Goldie pounded his fist on the lumpy cushion beside him. “Why dost thou
find such pleasure in the corrupting of mortals? Is the spreading of misery
thine only joy?”
I marshaled the strength in Paul’s legs, lifting myself off the couch. His
muscles should’ve been simple enough to control, but the drugs in his system
left them sluggish and rubbery. “How many times have I told you, Goldilocks?
Your master denied my kind a chance at mortality. By casting us out, we’re
doomed to remain forever numb to the physical world. That’s why we make mortal
pleasures our own, temporary as they may be. What else can I say? We like to
live vicariously.”
“Thou art nothing more than a parasite,” Goldie hissed. “A creature devoid
of all hope and purpose. Thou blamest the Father for thy fallen state, but the
choice to rebel against Heaven was thine.”
I narrowed my eyes. “You think you’re better than me? You chose eons of
service to these selfish, snot-nosed humans. And for what? The promise that
you’d one day become one of them? That you’d live out your brief, insignificant
life with the very real chance that you’d fail and be claimed by Inferno? The
best you could hope for is to die bereft of any earthly pleasures and resume
your slave labor as an angel once again.”
Goldie furrowed his brow. “I would be welcomed back into Heaven.
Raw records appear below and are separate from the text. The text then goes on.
Section RootSystems.
Variables (R : realType) (n : nat).
Notation vec := 'rV[R]_n.

Definition dot (u v : vec) : R := (u *m v^T) ord0 ord0.

(* the reflection s_a as a matrix acting on row vectors by v |-> v *m s_a:
   v *m refl_mx a = v - (2 <v,a>/<a,a>) a *)
Definition refl_mx (a : vec) : 'M[R]_n :=
  1%:M - (2 / dot a a) *: (a^T *m a).

Definition in_span (s : seq vec) (v : vec) : Prop :=
  exists c : 'I_(size s) -> R, v = \sum_(i < size s) c i *: s`_i.

Definition is_root_system (Phi : seq vec) : Prop :=
  [/\ uniq Phi, 0 \notin Phi,
      (forall v : vec, in_span Phi v) /\
      (forall a b, a \in Phi -> b \in Phi -> b *m refl_mx a \in Phi),
      (forall a b, a \in Phi -> b \in Phi ->
         exists z : int, 2 * dot b a / dot a a = z%:~R) &
      (forall a (c : R), a \in Phi -> c *: a \in Phi -> c = 1 \/ c = -1)].

Definition nonneg_int_comb (Delta : seq vec) (v : vec) : Prop :=
  exists c : 'I_(size Delta) -> nat,
    v = \sum_(i < size Delta) (c i)%:R *: Delta`_i.

Definition lin_indep (s : seq vec) : Prop :=
  forall c : 'I_(size s) -> R,
    \sum_(i < size s) c i *: s`_i = 0 -> forall i, c i = 0.

Definition is_simple_system (Phi Delta : seq vec) : Prop :=
  [/\ uniq Delta, {subset Delta <= Phi}, lin_indep Delta &
      forall a, a \in Phi -> nonneg_int_comb Delta a \/ nonneg_int_comb Delta (- a)].

Definition is_pos_root (Phi Delta : seq vec) (a : vec) : Prop :=
  a \in Phi /\ nonneg_int_comb Delta a.

Definition rp_cover (Phi Delta : seq vec) (b g : vec) : Prop :=
  [/\ is_pos_root Phi Delta b, is_pos_root Phi Delta g & g - b \in Delta].

Definition rp_le (Phi Delta : seq vec) : vec -> vec -> Prop :=
  clos_refl_trans vec (rp_cover Phi Delta).

Definition is_antichain (Phi Delta Psi : seq vec) : Prop :=
  [/\ uniq Psi, (forall b, b \in Psi -> is_pos_root Phi Delta b) &
      forall b g, b \in Psi -> g \in Psi -> b != g -> ~ rp_le Phi Delta b g].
Back into
the Father’s presence.”
I stared at the angel, forcing a renewed smirk onto Paul’s face. “Is that
so? Don’t you have to be born first? Are you even sure that’s gonna happen?
You’ve been waiting for thousands of years. What makes you expect that’ll
change any time soon?”
“Silence.” Goldie looked away, his voice shaking with frustration.
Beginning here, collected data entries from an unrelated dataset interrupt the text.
(* Let $n\ge 1$, $M\ge1$ be integers and $a=(a_0,\dots,a_n)\in\mathbb{Z}^{n+1}$ with $0\le a_i\le M$ and $a_0=a_n=0$. Let $G(a)$ be the directed graph defined below. Then all tropical recurrent minimal sequences with values in $V$ satisfying $a$ are periodic if and only if $G(a)$ is a disjoint union of simple cycles.
   Context: Let $V=\{j+i/(2n+2): 0\le j<M,\ 0\le i\le 2n+2,\ i,j\in\mathbb{Z}\}$ and $W=V^{2n+1}$. A vector $z=(z_0,\dots,z_N)\in\mathbb{R}^{N+1}$ satisfies $a$ and is minimal if for each $0\le k\le N-n$ the minimum $\min_{0\le i\le n}\{a_i+z_{i+k}\}$ is attained at least twice, and for each $n\le j\le N-n$ there exists $j-n\le k\le j$ with $a_{j-k}+z_j=\min_{0\le i\le n}\{a_i+z_{k+i}\}$. The directed graph $G_0$ has as vertices the elements $(z_0,\dots,z_{2n})\in W$ which (with $N=2n$) satisfy $a$ and are minimal, with an arrow from $(z_0,\dots,z_{2n})$ to $(z'_0,\dots,z'_{2n})$ iff $z_{i+1}=z'_i$ for $0\le i\le 2n-1$ (loops allowed). $G(a)$ is obtained from $G_0$ by successively removing vertices having no incoming arrow or no outgoing arrow, as long as possible. A tropical recurrent sequence is $y=(y_j)_{j\in\mathbb{Z}}$ with real entries; it satisfies $a$ if for every $k\in\mathbb{Z}$ the minimum $\min_{0\le i\le n}\{a_i+y_{i+k}\}$ is attained for at least two different $i$; it is minimal if for every $j$ there is $k$ with $j-n\le k\le j$ and $a_{j-k}+y_j=\min_{0\le i\le n}\{a_i+y_{i+k}\}$. It is periodic if there is $d\ge1$ with $y_{j+d}=y_j$ for all $j$. *)

From mathcomp Require Import all_boot all_order all_algebra.
Set Implicit Arguments. Unset Strict Implicit. Unset Printing Implicit Defensive.
Import Order.TTheory GRing.Theory Num.Theory.
Local Open Scope ring_scope.

Definition in_V (M n : nat) (x : rat) : Prop :=
  exists j i : nat, (j < M)%N /\ (i <= 2 * n + 2)%N /\
    x = j%:R + i%:R / (2 * n + 2)%:R.

Definition is_min_at (f : nat -> rat) (n d : nat) : Prop :=
  (d <= n)%N /\ forall i : nat, (i <= n)%N -> f d <= f i.

Definition min_twice (f : nat -> rat) (n : nat) : Prop :=
  exists i1 i2 : nat, i1 <> i2 /\ is_min_at f n i1 /\ is_min_at f n i2.

Definition fin_satisfies (a : nat -> int) (n N : nat) (z : seq rat) : Prop :=
  forall k : nat, (k <= N - n)%N ->
    min_twice (fun i => (a i)%:~R + nth 0 z (i + k)) n.

(* for n <= j <= N-n there is k with j-n <= k <= j and
   a_{j-k} + z_j = min_i (a_i + z_{k+i});  we write d = j - k *)
Definition fin_minimal (a : nat -> int) (n N : nat) (z : seq rat) : Prop :=
  forall j : nat, (n <= j)%N -> (j <= N - n)%N ->
    exists d : nat, (d <= n)%N /\
      is_min_at (fun i => (a i)%:~R + nth 0 z ((j - d) + i)) n d.

Definition G0_vertex (M n : nat) (a : nat -> int) (z : seq rat) : Prop :=
  size z = (2 * n + 1)%N /\ (forall i, (i < size z)%N -> in_V M n (nth 0 z i)) /\
  fin_satisfies a n (2 * n) z /\ fin_minimal a n (2 * n) z.

Definition G0_arrow (n : nat) (z z' : seq rat) : Prop :=
  forall i : nat, (i <= 2 * n - 1)%N -> nth 0 z i.+1 = nth 0 z' i.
“No, I think you’re going to stay right here…”
Goldie covered his ears. “I said silence!”
I leaned forward, bringing my face only inches from his. “Don’t you see?
This is your fate. To be forgotten like the rest of us. Despite all you’ve ever
done to fight against Hell, you’re already there.”
“ENOUGH!” Goldie sprang from the couch and erupted into a blinding white
light. The sheer force of his anger threw me backward against the wall,
knocking the wind from my borrowed lungs. “Release Paul at once or I’ll—”
“Or you’ll what? Burn my demonic spirit to ash? Send me back to Inferno
just to regenerate and return good as new? Futility aside, Paul’s heart is too
close to the darkness for you to overpower me. Even if you could, you’d have to
go through him to do it. Thing is, I don’t think you’ve got the guts. You
wouldn’t dare lay a finger on a poor innocent mortal, would you? Fortunately
for me, I actually enjoy the pain.” I clenched a fist and made Paul slug
himself square in the jaw.
The angel’s light quickly faded to reveal the most amusing wide-eyed stare.
Goldie winced, reaching out in supplication. “Stop that. Please.”
“What? You want more?” At this point, I had Paul going at it with both
fists. “Quit hitting myself! Quit hitting myself!”
Then, to my surprise, a new voice shouted over me. “Dude, what the fuzznut
are you doin’ over there?”
I froze mid-punch, realizing too late that Goldie and I weren’t alone. We
exchanged glances, peering down the hallway to find a young man around Paul’s
age trudging through the empty beer bottles.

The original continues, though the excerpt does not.